Records from a data collection
(* A theory is a set of first-order formulas (sentences); a model is a nonempty
   structure satisfying each of them (under every assignment, i.e. its universal closure). *)
Definition theory (L : language) := formula L -> Prop.

Definition is_model (L : language) (T : theory L) (A : structure L) : Prop :=
  inhabited A /\ forall phi, T phi -> forall v : nat -> A, sat v phi.

(* Sentences with parameters from A are represented as formulas together with
   an assignment v of the free variables into A; their image under f : A -> B
   is the same formula with assignment f \o v. *)

Definition homomorphism (L : language) (A B : structure L) (f : A -> B) : Prop :=
  forall (phi : formula L) (v : nat -> A), atomic phi -> sat v phi -> sat (f \o v) phi.

Definition immersion (L : language) (A B : structure L) (f : A -> B) : Prop :=
  homomorphism f /\
  forall (phi : formula L) (v : nat -> A), pos_ex phi -> sat (f \o v) phi -> sat v phi.

Definition positively_model_complete (L : language) (T : theory L) : Prop :=
  forall (A B : structure L) (f : A -> B),
    is_model T A -> is_model T B -> homomorphism f -> immersion f.

Definition geometrically_closed (L : language) (A B : structure L) (f : A -> B) : Prop :=
  homomorphism f /\
  forall (phi : formula L) (v : nat -> A), quasi_algebraic phi -> sat v phi -> sat (f \o v) phi.

Definition geometrically_closed_in_Mod (L : language) (T : theory L) (A : structure L) : Prop :=
  forall (B : structure L) (f : A -> B), is_model T B -> homomorphism f -> geometrically_closed f.

Definition geometrically_complete (L : language) (T : theory L) : Prop :=
  forall A : structure L, is_model T A -> geometrically_closed_in_Mod T A.

From mathcomp Require Import all_boot.
From mathcomp Require Import boolp filter.
From Stdlib Require List.
Set Implicit Arguments. Unset Strict Implicit. Unset Printing Implicit Defensive.
(* Let $g,h$ be relatively prime divisors of $N$ and $\chi\in X_N$, $\psi=\theta\chi^{-1}$. Then the eigensymbol $\alpha^{g,h}_{\chi,\psi}$ is zero unless $f_\chi$ divides $N/g$ and $f_\psi$ divides $N/h$.
   Context: $p$ is an odd prime, $M$ a positive integer with $p\nmid M\varphi(M)$, $N=M$ or $Mp$, $N>1$, $\Delta=(\mathbb{Z}/N\mathbb{Z})^\times/\langle-1\rangle$. $H$ is a space of level $N$ modular symbols: a $\mathbb{Z}_p[\Delta]$-module spanned by symbols $[u:v]$ ($u,v\in\mathbb{Z}/N\mathbb{Z}$ generating the unit ideal) satisfying $[u:v]=[-u:-v]=-[-v:u]$, $[u:v]=[u:u+v]+[u+v:v]$, $\langle a\rangle[u:v]=[au:av]$. $\theta:\Delta\to\mathbb{C}_p^\times$ is a character, $\mathcal{O}=\mathbb{Z}_p[\mu_{\varphi(N)}]$, $X_N=\mathrm{Hom}((\mathbb{Z}/N\mathbb{Z})^\times,\mathcal{O}^\times)$, $e_\theta=\frac1{\varphi(N)}\sum_a\theta^{-1}(a)\langle a\rangle$, $H^\theta=e_\theta(H\otimes_{\mathbb{Z}_p}\mathcal{O})$. $\alpha^{g,h}_{\chi,\psi}=\frac{1}{\varphi(N)^2}\sum_{a,b\in(\mathbb{Z}/N\mathbb{Z})^\times}\chi^{-1}(a)\psi^{-1}(b)[ga:hb]$. $f_\chi$ denotes the conductor of $\chi$. *)

From HB Require Import structures.
From mathcomp Require Import all_boot all_order all_algebra all_fingroup.
Set Implicit Arguments. Unset Strict Implicit. Unset Printing Implicit Defensive.
Import GRing.Theory.
Local Open Scope ring_scope.

(* u, v in Z/NZ generate the unit ideal: gcd(u, v, N) = 1 (on representatives). *)
Definition unimod (N : nat) (u v : 'Z_N) : bool :=
  gcdn (gcdn (val u) (val v)) N == 1%N.

Definition char_trivial_mod (N : nat) (O : nzRingType) (chi : {unit 'Z_N} -> O)
  (d : nat) : bool :=
  [forall a : {unit 'Z_N}, ((val (val a) %% d) == (1 %% d))%N ==> (chi a == chi 1%g)].

(* conductor f_chi: least positive divisor d of N such that chi factors through
   (Z/dZ)^x, i.e. is trivial on the units congruent to 1 mod d. *)
Definition conductor (N : nat) (O : nzRingType) (chi : {unit 'Z_N} -> O) : nat :=
  \big[minn/N]_(d < N.+1 | (0 < (d : nat))%N && ((d : nat) %| N)%N
                          && char_trivial_mod chi d) (d : nat).

Definition is_character (N : nat) (O : unitRingType) (chi : {unit 'Z_N} -> O) : Prop :=
  (forall a, chi a \is a GRing.unit) /\
  (forall a b : {unit 'Z_N}, chi (a * b)%g = chi a * chi b).
Lemma pow_opp_odd (x : R) k : (- x) ^ (2 * k + 1) = - x * (x ^ 2) ^ k.
Proof. rewrite pow_add, pow_opp_even. ring. Qed.

(* The coefficient of [(s/2)^N] in [(-PI/6)^m u^m / m!], for [u = catalan_root s]. *)
Definition exp_term (s : R) (m N : nat) : R :=
  / INR (Factorial.fact m) * (- (PI / 6)) ^ m * (ballot N m * (s / 2) ^ N).

Lemma exp_term_eq0_lt s m N : (N < m)%nat -> exp_term s m N = 0.
Proof. intro H. unfold exp_term. rewrite ballot_eq0_lt by exact H. ring. Qed.

Lemma exp_term_eq0_odd s m N : Nat.Odd (N + m) -> exp_term s m N = 0.
Proof. intro H. unfold exp_term. rewrite ballot_eq0_odd by exact H. ring. Qed.

Lemma exp_term_even s (k d : nat) :
  exp_term s (2 * k + 2) (2 * (k + d + 1))
  = ((-1) ^ (k + d + 1) / 24 ^ (k + d + 1) * poch (1 / 2 - INR (k + d + 1)) (k + d + 1 + 1)
       / INR (k + d + 1) * (24 * s ^ 2) ^ (k + d + 1)) *
    ((-1) ^ (k + 1) * poch (- INR (k + d + 1)) (k + 1)
       / (INR (Factorial.fact (k + d + 1 + (k + 1))) * INR (Factorial.fact (2 * (k + 1) - 1)))
       * (PI ^ 2 / 36) ^ (k + 1)).
Proof.
  unfold exp_term.
  rewrite poch_half_eq, poch_opp_nat_eq by lia.
  set (T := (k + d + 1)%nat).
  assert (Ea : (- (PI / 6)) ^ (2 * k + 2) = (PI ^ 2 / 36) ^ (k + 1)).
  { replace (2 * k + 2)%nat with (2 * (k + 1))%nat by lia. rewrite pow_opp_even. f_equal; field. }
  assert (Es : (s / 2) ^ (2 * T) = (s ^ 2) ^ T / 4 ^ T).
  { rewrite pow_mult. replace ((s / 2) ^ 2) with (s ^ 2 * / 4) by field.
    rewrite Rpow_mult_distr, pow_inv. reflexivity. }
  assert (Eb : ballot (2 * T) (2 * k + 2) = ballot_formula (2 * k + 1) d).
  { rewrite <- ballot_closed. f_equal; unfold T; lia. }
  rewrite Ea, Es, Eb, Rpow_mult_distr. unfold ballot_formula.
  replace (T - (k + 1))%nat with d by (unfold T; lia).
  replace (T + (k + 1))%nat with (2 * k + 1 + 1 + d)%nat by (unfold T; lia).
  replace (2 * (k + 1) - 1)%nat with (2 * k + 1)%nat by lia.
  replace (2 * T)%nat with (S (2 * k + 1 + 2 * d)) by (unfold T; lia).
  replace (2 * k + 2)%nat with (S (2 * k + 1)) by lia.
  rewrite !INR_fact_S.
  pose proof (INR_fact_pos T); pose proof (INR_fact_pos d); pose proof (INR_fact_pos (2 * k + 1)).
  pose proof (INR_fact_pos (2 * k + 1 + 2 * d)); pose proof (INR_fact_pos (2 * k + 1 + 1 + d)).
  unfold T in *. rewrite !S_INR, !plus_INR, !mult_INR in *. simpl (INR 2); simpl (INR 1).
  pose proof (pos_INR k); pose proof (pos_INR d).
  field. repeat split; first [lra | apply pow_nonzero; lra].
Qed.
(* Let $0<t_0\le1/2$, $t\in[t_0,1]$. For every $\ell\in\mathbb Z_+$ and every sufficiently smooth $g$ on $\mathbb T^3\times\mathbb R^3$: if $\ell$ is even then $\|\Lambda^\ell g\|_{(2,0)}^2\le\|M^{\ell/2}g\|_{(2,0)}^2$; if $\ell$ is odd then $$\|\Lambda^\ell g\|_{(2,0)}^2\le\|M^{\ell/2}g\|_{(2,0)}^2\le\|M^{(\ell+1)/2}g\|_{(2,0)}\|M^{(\ell-1)/2}g\|_{(2,0)}.$$
   Context: $(m,\eta)\in\mathbb Z^3\times\mathbb R^3$ are Fourier dual variables of $(x,v)\in\mathbb T^3\times\mathbb R^3$. For $\sigma\ge0$, $M^\sigma$ is the Fourier multiplier with symbol $\big((t-t_0)\eta_1^2+(t-t_0)^2m_1\eta_1+\frac{(t-t_0)^3}{3}m_1^2\big)^\sigma$; $M=M^1=-(t-t_0)\partial_{v_1}^2-(t-t_0)^2\partial_{x_1}\partial_{v_1}-\frac{(t-t_0)^3}{3}\partial_{x_1}^2$. $\Lambda_1=\frac{1}{2\sqrt{-1}}((t-t_0)^{1/2}\partial_{v_1}+(t-t_0)^{3/2}\partial_{x_1})$, $\Lambda_2=\frac{\sqrt3}{6\sqrt{-1}}(3(t-t_0)^{1/2}\partial_{v_1}+(t-t_0)^{3/2}\partial_{x_1})$. For a norm $\|\cdot\|$, $\|\Lambda^\ell g\|:=\big(\sum_{j_1,\dots,j_\ell\in\{1,2\}}\|\Lambda_{j_1}\cdots\Lambda_{j_\ell}g\|^2\big)^{1/2}$. $\|u\|_{(2,0)}^2=\sum_{|\alpha|\le2}\|\partial_x^\alpha u\|_{L^2(\mathbb T^3\times\mathbb R^3)}^2$. *)

From HB Require Import structures.
From mathcomp Require Import all_boot all_order all_algebra.
From mathcomp Require Import all_classical all_reals all_analysis.
From mathcomp Require Import complex.

Set Implicit Arguments. Unset Strict Implicit. Unset Printing Implicit Defensive.
Import Order.TTheory GRing.Theory Num.Theory.
Import numFieldNormedType.Exports.
Local Open Scope classical_set_scope.
Local Open Scope ring_scope.
Local Open Scope complex_scope.

(* Points of R^3 (and of T^3 = (R/2piZ)^3, via 2pi-periodic representatives)
   are triples ((a1, a2), a3); frequencies m in Z^3 are triples of ints. *)
Notation R3 R := ((R * R) * R)%type.
Notation Z3 := ((int * int) * int)%type.
(* Points (x, v) of R^3 x R^3, written as a left-nested 6-tuple
   (((((x1, x2), x3), v1), v2), v3). *)
Notation R6 R := (((((R * R) * R) * R) * R) * R)%type.

Notation leb3 R := ((@lebesgue_measure R \x @lebesgue_measure R)
                      \x @lebesgue_measure R)%E.
Notation leb6 R := (((((@lebesgue_measure R \x @lebesgue_measure R)
   \x @lebesgue_measure R) \x @lebesgue_measure R) \x @lebesgue_measure R)
   \x @lebesgue_measure R)%E.

Section Defs.
Variable R : realType.

Definition xpart (p : R6 R) : R3 R := (p.1.1.1.1.1, p.1.1.1.1.2, p.1.1.1.2).
Definition vpart (p : R6 R) : R3 R := (p.1.1.2, p.1.2, p.2).

(* fundamental cell [0, 2pi)^3 of the torus T^3 *)
Definition cell : set (R3 R) :=
  (`[0, 2 * pi[%classic `*` `[0, 2 * pi[%classic) `*` `[0, 2 * pi[%classic.

Definition dot3 (a b : R3 R) : R := a.1.1 * b.1.1 + a.1.2 * b.1.2 + a.2 * b.2.
Definition ofZ3 (m : Z3) : R3 R := (m.1.1%:~R, m.1.2%:~R, m.2%:~R).

Definition expi (th : R) : R[i] := (cos th) +i* (sin th).

(* g : T^3 x R^3 -> C, represented as a function on R^3 x R^3 which is
   2pi-periodic in each x-coordinate *)
Definition periodic_x (g : R3 R -> R3 R -> R[i]) : Prop :=
  forall (x v : R3 R),
    [/\ g (x.1.1 + 2 * pi, x.1.2, x.2) v = g x v,
        g (x.1.1, x.1.2 + 2 * pi, x.2) v = g x v &
        g (x.1.1, x.1.2, x.2 + 2 * pi) v = g x v].

Definition fourier_integrand (g : R3 R -> R3 R -> R[i]) (m : Z3) (eta : R3 R)
  (p : R6 R) : R[i] :=
  g (xpart p) (vpart p) * expi (- (dot3 (ofZ3 m) (xpart p) + dot3 eta (vpart p))).

Definition fourier (g : R3 R -> R3 R -> R[i]) (m : Z3) (eta : R3 R) : R[i] :=
  (Rintegral (leb6 R) (xpart @^-1` cell)
     (fun p => complex.Re (fourier_integrand g m eta p))) +i*
  (Rintegral (leb6 R) (xpart @^-1` cell)
     (fun p => complex.Im (fourier_integrand g m eta p))).

Definition csq (z : R[i]) : R := complex.Re z ^+ 2 + complex.Im z ^+ 2.

Definition symbol := Z3 -> R3 R -> R[i].
Definition mult (p : symbol) (F : Z3 -> R3 R -> R[i]) : Z3 -> R3 R -> R[i] :=
  fun m eta => p m eta * F m eta.

(* || u ||_{L^2(T^3 x R^3)}^2 of the function u with Fourier transform F,
   given by Plancherel: (2 pi)^-6 sum_m int |F(m,eta)|^2 d eta *)
Definition L2sq (F : Z3 -> R3 R -> R[i]) : \bar R :=
  (((2 * pi) ^- 6)%:E *
   \esum_(m in [set: Z3]) \int[leb3 R]_eta (csq (F m eta))%:E)%E.

Definition sym_dx1 : symbol := fun m _ => 'i * m.1.1%:~R.
Definition sym_dx2 : symbol := fun m _ => 'i * m.1.2%:~R.
Definition sym_dx3 : symbol := fun m _ => 'i * m.2%:~R.
Definition sym_dv1 : symbol := fun _ eta => 'i * (eta.1.1)%:C.

Definition sym_dxalpha (a : 'I_3 * 'I_3 * 'I_3) : symbol := fun m eta =>
  sym_dx1 m eta ^+ a.1.1 * sym_dx2 m eta ^+ a.1.2 * sym_dx3 m eta ^+ a.2.

Definition norm20sq (F : Z3 -> R3 R -> R[i]) : \bar R :=
  (\sum_(a : 'I_3 * 'I_3 * 'I_3 | (a.1.1 + a.1.2 + a.2 <= 2)%N)
     L2sq (mult (sym_dxalpha a) F))%E.

(* tau stands for t - t0 *)
(* symbol of M = -tau d_{v1}^2 - tau^2 d_{x1} d_{v1} - tau^3/3 d_{x1}^2 *)
Definition Msym (tau : R) (m : Z3) (eta : R3 R) : R :=
  tau * eta.1.1 ^+ 2 + tau ^+ 2 * m.1.1%:~R * eta.1.1
  + tau ^+ 3 / 3 * m.1.1%:~R ^+ 2.

Definition Mpow_sym (tau sigma : R) : symbol :=
  fun m eta => ((Msym tau m eta) `^ sigma)%:C.

Definition Lam1_sym (tau : R) : symbol := fun m eta =>
  (2 * 'i)^-1 * ((tau `^ (1/2))%:C * sym_dv1 m eta
                 + (tau `^ (3/2))%:C * sym_dx1 m eta).
Definition Lam2_sym (tau : R) : symbol := fun m eta =>
  (Num.sqrt 3)%:C / (6 * 'i) * (3 * (tau `^ (1/2))%:C * sym_dv1 m eta
                                + (tau `^ (3/2))%:C * sym_dx1 m eta).

Definition Lam_sym (tau : R) (j : 'I_2) : symbol :=
  if j == ord0 then Lam1_sym tau else Lam2_sym tau.

Definition LamPow_norm20sq (tau : R) (l : nat) (g : R3 R -> R3 R -> R[i])
  : \bar R :=
  (\sum_(j : l.-tuple 'I_2)
     norm20sq (foldr (fun k G => mult (Lam_sym tau k) G) (fourier g) j))%E.

Definition Mpow_norm20sq (tau sigma : R) (g : R3 R -> R3 R -> R[i]) : \bar R :=
  norm20sq (mult (Mpow_sym tau sigma) (fourier g)).

End Defs.

From HB Require Import structures.
From mathcomp Require Import all_boot all_order all_algebra.
From mathcomp Require Import all_classical all_reals all_analysis.
From mathcomp Require Import complex ring lra measurable_realfun.
Set Implicit Arguments. Unset Strict Implicit. Unset Printing Implicit Defensive.
Import Order.TTheory GRing.Theory Num.Theory.
Local Open Scope classical_set_scope.
Local Open Scope ring_scope.

(* On the Fourier side every operator involved is a multiplier, and all the
   norms are integrals of |ghat|^2 against nonnegative weights. With
   s = tau^(1/2), the symbols of Lambda_1 and Lambda_2 are the real affine
   functions (s eta_1 + s^3 m_1)/2 and sqrt 3 (3 s eta_1 + s^3 m_1)/6, whose
   squares add up to the symbol of M. Expanding (|Lambda_1|^2 + |Lambda_2|^2)^l
   over words therefore gives ||Lambda^l g||^2 = ||M^(l/2) g||^2 exactly. For
   the interpolation inequality, x^(n+1) <= lam/2 x^(n+2) + 1/(2 lam) x^n
   pointwise for x >= 0 and every lam > 0; since the weighted norm is additive,
   positively homogeneous and monotone in the weight, the same bound holds for
   the norms, and optimizing over lam yields the geometric mean. *)

Lemma sum_tuple_prod (S : comNzSemiRingType) (I : finType) (l : nat) (c : I -> S) :
  \sum_(j : l.-tuple I) \prod_(k <- j) c k = (\sum_k c k) ^+ l.
Proof.
elim: l => [|l IH].
  rewrite expr0 (big_pred1 [tuple]) ?big_nil // => t.
  by apply/esym/eqP; exact: tuple0.
rewrite (reindex (fun p : I * l.-tuple I => cons_tuple p.1 p.2)) /=; last first.
  exists (fun t => (thead t, behead_tuple t)) => [[k t] _ | t _].
    by congr pair; apply: val_inj.
  by rewrite [RHS]tuple_eta.
rewrite -(pair_big xpredT xpredT
  (fun i (j : l.-tuple I) => \prod_(k <- cons_tuple i j) c k)) /=.
under eq_bigr => i _ do under eq_bigr => j _ do rewrite big_cons.
under eq_bigr => i _ do rewrite -mulr_sumr IH.
by rewrite -mulr_suml exprS mulrC.
Qed.

Section RealLemmas.
Variable R : realType.

Lemma powR_halfE (x : R) (n : nat) : 0 <= x -> x `^ (n%:R / 2) = (x `^ (1 / 2)) ^+ n.
Proof. by move=> x_ge0; rewrite -powR_mulrn ?powR_ge0 // -powRrM mul1r mulrC. Qed.

Lemma powR_half_sqr (x : R) (n : nat) : 0 <= x -> (x `^ (n%:R / 2)) ^+ 2 = x ^+ n.
Proof.
move=> x_ge0; rewrite -powR_mulrn ?powR_ge0 // -powRrM.
by rewrite divfK ?pnatr_eq0 // powR_mulrn.
Qed.

Lemma exprS_le_AMGM (x lam : R) (n : nat) : 0 <= x -> 0 < lam ->
  x ^+ n.+1 <= lam / 2 * x ^+ n.+2 + lam^-1 / 2 * x ^+ n.
Proof.
move=> x_ge0 lam_gt0; rewrite -subr_ge0.
have -> : lam / 2 * x ^+ n.+2 + lam^-1 / 2 * x ^+ n - x ^+ n.+1
    = x ^+ n * ((lam * x - 1) ^+ 2 / (2 * lam)).
  by rewrite !exprS; field; exact: lt0r_neq0.
by rewrite mulr_ge0 ?exprn_ge0 // divr_ge0 ?sqr_ge0 // mulr_ge0 // ltW.
Qed.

* **TASK ITEM**:
Every line that holds the string "each" must be copied from the records above.

* **RESULT OF THE EXERCISE**:
   structure satisfying each of them (under every assignment, i.e. its universal closure). *)
   2pi-periodic in each x-coordinate *)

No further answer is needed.